Video Conversion - x264 HD 3.03 Benchmark

Graysky's x264 HD test uses x264 to encode a 4Mbps 720p MPEG-2 source. The focus here is on quality rather than speed, thus the benchmark uses a 2-pass encode and reports the average frame rate in each pass.

x264 HD v3.03, 1st Pass

x264 HD v3.03, 2nd Pass

Encryption TrueCrypt v0.7.1a: link

TrueCrypt is an off the shelf open source encryption tool for files and folders. For our test we run the benchmark mode using a 1GB buffer and take the mean result from AES encryption.

TrueCrypt 7.1a AES

Compression – WinRAR 5.0.1: link

Our WinRAR test from 2013 is updated to the latest version of WinRAR at the start of 2014. We compress a set of 2867 files across 320 folders totaling 1.52 GB in size – 95% of these files are small typical website files, and the rest (90% of the size) are small 30 second 720p videos.

WinRAR 5.01

Image Manipulation – FastStone Image Viewer 4.9: link

Similarly to WinRAR, the FastStone test us updated for 2014 to the latest version.
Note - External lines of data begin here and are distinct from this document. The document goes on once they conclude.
Lemma scaled_reflection_all p q z t : p != q ->
  (forall k, on_S1 (z k)) -> (forall k, on_S1 (t k)) ->
  scaled_reflection p q z -> scaled_reflection p q t.
Proof.
move=> neq_pq z_unit t_unit refl_z.
pose w n (k : 'I_d) := if (k < n)%N then t k else z k.
have w_unit n k : on_S1 (w n k) by rewrite /w; case: ifP.
have refl_w n : scaled_reflection p q (w n).
  elim: n => [|n IHn].
    by apply: scaled_reflection_ext refl_z => k _ _ c; rewrite /w ltn0.
  have [lt_nd|le_dn] := ltnP n d; last first.
    apply: scaled_reflection_ext IHn => k _ _ c.
    by rewrite /w !(leq_trans (ltn_ord k)) // ltnW.
  set m := Ordinal lt_nd.
  have wSE k c : setv (w n) m (t m) k c = w n.+1 k c.
    rewrite /setv /w; case: (eqVneq k m) => [->|neq_km]; first by rewrite /= ltnSn.
    have /negbTE k_neq_n : (k : nat) != n by apply: contra_neq neq_km => ?; apply: val_inj.
    by rewrite ltnS [(k <= n)%N]leq_eqVlt k_neq_n.
  have [eq_mp|neq_mp] := eqVneq m p.
    apply: scaled_reflection_ext IHn => k; rewrite -eq_mp => /negbTE neq_km _ c.
    by rewrite -wSE /setv neq_km.
  have [eq_mq|neq_mq] := eqVneq m q.
    apply: scaled_reflection_ext IHn => k _; rewrite -eq_mq => /negbTE neq_km c.
    by rewrite -wSE /setv neq_km.
  have := scaled_reflection_setv neq_pq neq_mp neq_mq (w_unit n) IHn (t_unit m).
  by apply: scaled_reflection_ext => k _ _ c; rewrite wSE.
by apply: scaled_reflection_ext (refl_w d) => k _ _ c; rewrite /w ltn_ord.
Qed.

End ScaledReflection.

Lemma tcontract_basis2 (R : realType) d (T : tensor R d) (i : mindex d) :
  tcontract T (fun k => basis2 R (i k)) = T i.
Proof.
rewrite /tcontract (bigD1 i) //= [X in _ + X]big1 => [|j neq_ji]; last first.
  have [k neq_jik] : exists k, j k != i k.
    apply/existsP; apply: contraR neq_ji; rewrite negb_exists => /forallP eq_ji.
    by apply/eqP/ffunP => k; apply/eqP; move: (eq_ji k); rewrite negbK.
  by rewrite (bigD1 k) //= /basis2 (negbTE neq_jik) !mul0r mulr0.
by rewrite big1 ?addr0 ?mulr1 // => k _; rewrite /basis2 eqxx.
Qed.

Lemma tcontract_setvZ (R : realType) d (T : tensor R d) ys m r (v : 'I_2 -> R) :
  tcontract T (setv ys m (fun c => r * v c)) = r * tcontract T (setv ys m v).
Proof. by rewrite tcontract_setv [in RHS]tcontract_setv; ring. Qed.

Lemma sum_sqr_sub_rank1 (R : realType) d (T : tensor R d) s ys :
  (forall k, on_S1 (ys k)) ->
  \sum_(j : mindex d) tsub T (rank1 s ys) j ^+ 2 =
  \sum_(j : mindex d) T j ^+ 2 - 2 * s * tcontract T ys + s ^+ 2.
Proof.
move=> ys_unit.
have rank1_norm : \sum_(j : mindex d) (\prod_(k < d) ys k (j k)) ^+ 2 = 1.
  under eq_bigr => j _ do rewrite -prodrXl.
  by rewrite -(bigA_distr_bigA (fun k c => ys k c ^+ 2)) big1 // => k _; apply: ys_unit.
rewrite /tsub /rank1 /tcontract.
rewrite (eq_bigr (fun j => T j ^+ 2 - 2 * s * (T j * \prod_(k < d) ys k (j k))
  + s ^+ 2 * (\prod_(k < d) ys k (j k)) ^+ 2)); last by move=> j _; ring.
by rewrite big_split sumrB -!mulr_sumr rank1_norm mulr1.
Qed.

Lemma best_rank1_tcontract (R : realType) d (T : tensor R d) a xs :
  best_rank1 T a xs ->
  a = tcontract T xs /\ forall ys, (forall k, on_S1 (ys k)) -> tcontract T ys <= `|a|.
Proof.
move=> [xs_unit best].
have le_dist s ys : (forall k, on_S1 (ys k)) ->
    - 2 * a * tcontract T xs + a ^+ 2 <= - 2 * s * tcontract T ys + s ^+ 2.
  move=> ys_unit; have := best s ys ys_unit.
  rewrite /tnorm ler_sqrt; last by apply: sumr_ge0 => j _; apply: sqr_ge0.
  rewrite !sum_sqr_sub_rank1 //; lra.
have aE : a = tcontract T xs.
  have := le_dist (tcontract T xs) _ xs_unit => le_a.
  by apply/eqP; rewrite -subr_eq0 -sqrf_eq0 eq_le sqr_ge0 andbT; nra.
split=> // ys ys_unit; have := le_dist (tcontract T ys) _ ys_unit; rewrite -aE.
have := normr_ge0 a; have := real_normK (num_real a); nra.
Qed.

Lemma rank1_sym_of_collinear (R : realType) d (a : R) (xs : 'I_d -> 'I_2 -> R) p :
  on_S1 (xs p) -> (forall l, det2 (xs p) (xs l) = 0) -> sym_tensor (rank1 a xs).
Proof.
move=> xp_unit collinear s i.
pose kap l := xs p ord0 * xs l ord0 + xs p ord_max * xs l ord_max.
have prodE (j : mindex d) :
    \prod_(k < d) xs k (j k) = (\prod_(k < d) kap k) * \prod_(k < d) xs p (j k).
  by rewrite -big_split; apply: eq_bigr => k _; apply: det2_collinear.
rewrite /rank1 !prodE; congr (_ * (_ * _)).
by rewrite [RHS](reindex_inj (@perm_inj _ s)); apply: eq_bigr => k _; rewrite ffunE.
Qed.

Lemma tslice_basis2 (R : realType) d (T : tensor R d) (idx : mindex d) p q i j :
  val p = 0%N -> val q = 1%N ->
  tslice T (fun k => basis2 R (idx k)) p q i j = T (idx2 idx i j).
Proof.
move=> p0 q1; rewrite -tcontract_basis2; apply: tcontract_ext => k c.
rewrite /setv /idx2 ffunE.
have [->|neq_kq] := eqVneq k q; first by rewrite q1.
have [->|neq_kp] := eqVneq k p; first by rewrite p0.
have /negbTE -> : val k != 0%N by apply: contra_neq neq_kp => k0; apply: val_inj; rewrite k0 p0.
by have /negbTE -> : val k != 1%N by apply: contra_neq neq_kq => k1; apply: val_inj; rewrite k1 q1.
Qed.

Lemma scaled_reflection_start (R : realType) d (T : tensor R d) (xs : 'I_d -> 'I_2 -> R) p q l :
  sym_tensor T -> (forall k, on_S1 (xs k)) -> tcontract T xs != 0 ->
  (forall ys, (forall k, on_S1 (ys k)) -> tcontract T ys <= `|tcontract T xs|) ->
  p != q -> det2 (xs p) (xs l) != 0 ->
  scaled_reflection T `|tcontract T xs| p q (fun k => xs (tperm q l k)).
Proof.
move=> T_sym xs_unit a_neq0 le_a neq_pq indep.
set a := tcontract T xs in a_neq0 le_a *.
have neq_pl : p != l by apply: contra_neq indep => <-; rewrite /det2 mulrC subrr.
have xs'_p : xs (tperm q l p) = xs p by rewrite tpermD // eq_sym.
have sg_neq0 : Num.sg a != 0 by rewrite sgr_eq0.
apply: (scaled_reflection_of_max (u := fun c => Num.sg a * xs p c) T_sym _ le_a neq_pq _ _
  (xs_unit l)); first by rewrite normr_gt0.
- by move=> k; apply: xs_unit.
- move: (xs_unit p); rewrite !on_S1E => xp_unit.
  by rewrite !exprMn -mulrDr xp_unit sqr_sg a_neq0 mulr1.
- rewrite (tcontract_ext T (setvC _ _ _ neq_pq)) tcontract_setvZ normrEsg; congr (_ * _).
  rewrite /a -(tcontract_perm T_sym xs (tperm q l)); apply: tcontract_ext => k c.
  rewrite /setv; case: (eqVneq k p) => [->|_]; first by rewrite xs'_p.
  by case: (eqVneq k q) => [->|//]; rewrite tpermL.
- by rewrite /det2 -!mulrA -mulrBr mulf_neq0.
Qed.

Theorem lemma5p1 (R : realType) (d : nat) (T : tensor R d) :
  (2 <= d)%N ->
  sym_tensor T ->
  (exists i : mindex d, T i != 0) ->
  (exists (a : R) (xs : 'I_d -> 'I_2 -> R),
      best_rank1 T a xs /\ ~ sym_tensor (rank1 a xs)) ->
  forall idx : mindex d,
    T (idx2 idx ord0 ord0) + T (idx2 idx ord_max ord_max) = 0.
Proof.
move=> le2d T_sym _ [a [xs [best not_sym]]] idx.
have [aE le_a] := best_rank1_tcontract best.
have xs_unit := best.1.
have a_neq0 : a != 0.
  by apply: contra_notN not_sym => /eqP a0 s i; rewrite /rank1 a0 !mul0r.
pose p : 'I_d := Ordinal (ltnW le2d); pose q : 'I_d := Ordinal le2d.
have [l indep] : exists l, det2 (xs p) (xs l) != 0.
  apply/existsP; apply: contra_notT not_sym; rewrite negb_exists => /forallP collinear.
  by apply: (rank1_sym_of_collinear _ (xs_unit p)) => l; apply/eqP/negPn/collinear.
have := scaled_reflection_start T_sym xs_unit _ _ (isT : p != q) indep.
rewrite -aE => /(_ a_neq0 le_a) refl0.
have a_gt0 : 0 < `|a| by rewrite normr_gt0.
have [trace0 _] := scaled_reflection_all T_sym a_gt0 le_a (isT : p != q) (fun k => xs_unit _)
  (fun k => on_S1_basis2 R (idx k)) refl0.
by rewrite -!(tslice_basis2 T idx _ _ (erefl : val p = 0%N) (erefl : val q = 1%N)).
Qed.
FastStone is the program I use to perform quick or bulk actions on images, such as resizing, adjusting for color and cropping. In our test we take a series of 170 images in various sizes and formats and convert them all into 640x480 .gif files, maintaining the aspect ratio. FastStone does not use multithreading for this test, and thus single threaded performance is often the winner.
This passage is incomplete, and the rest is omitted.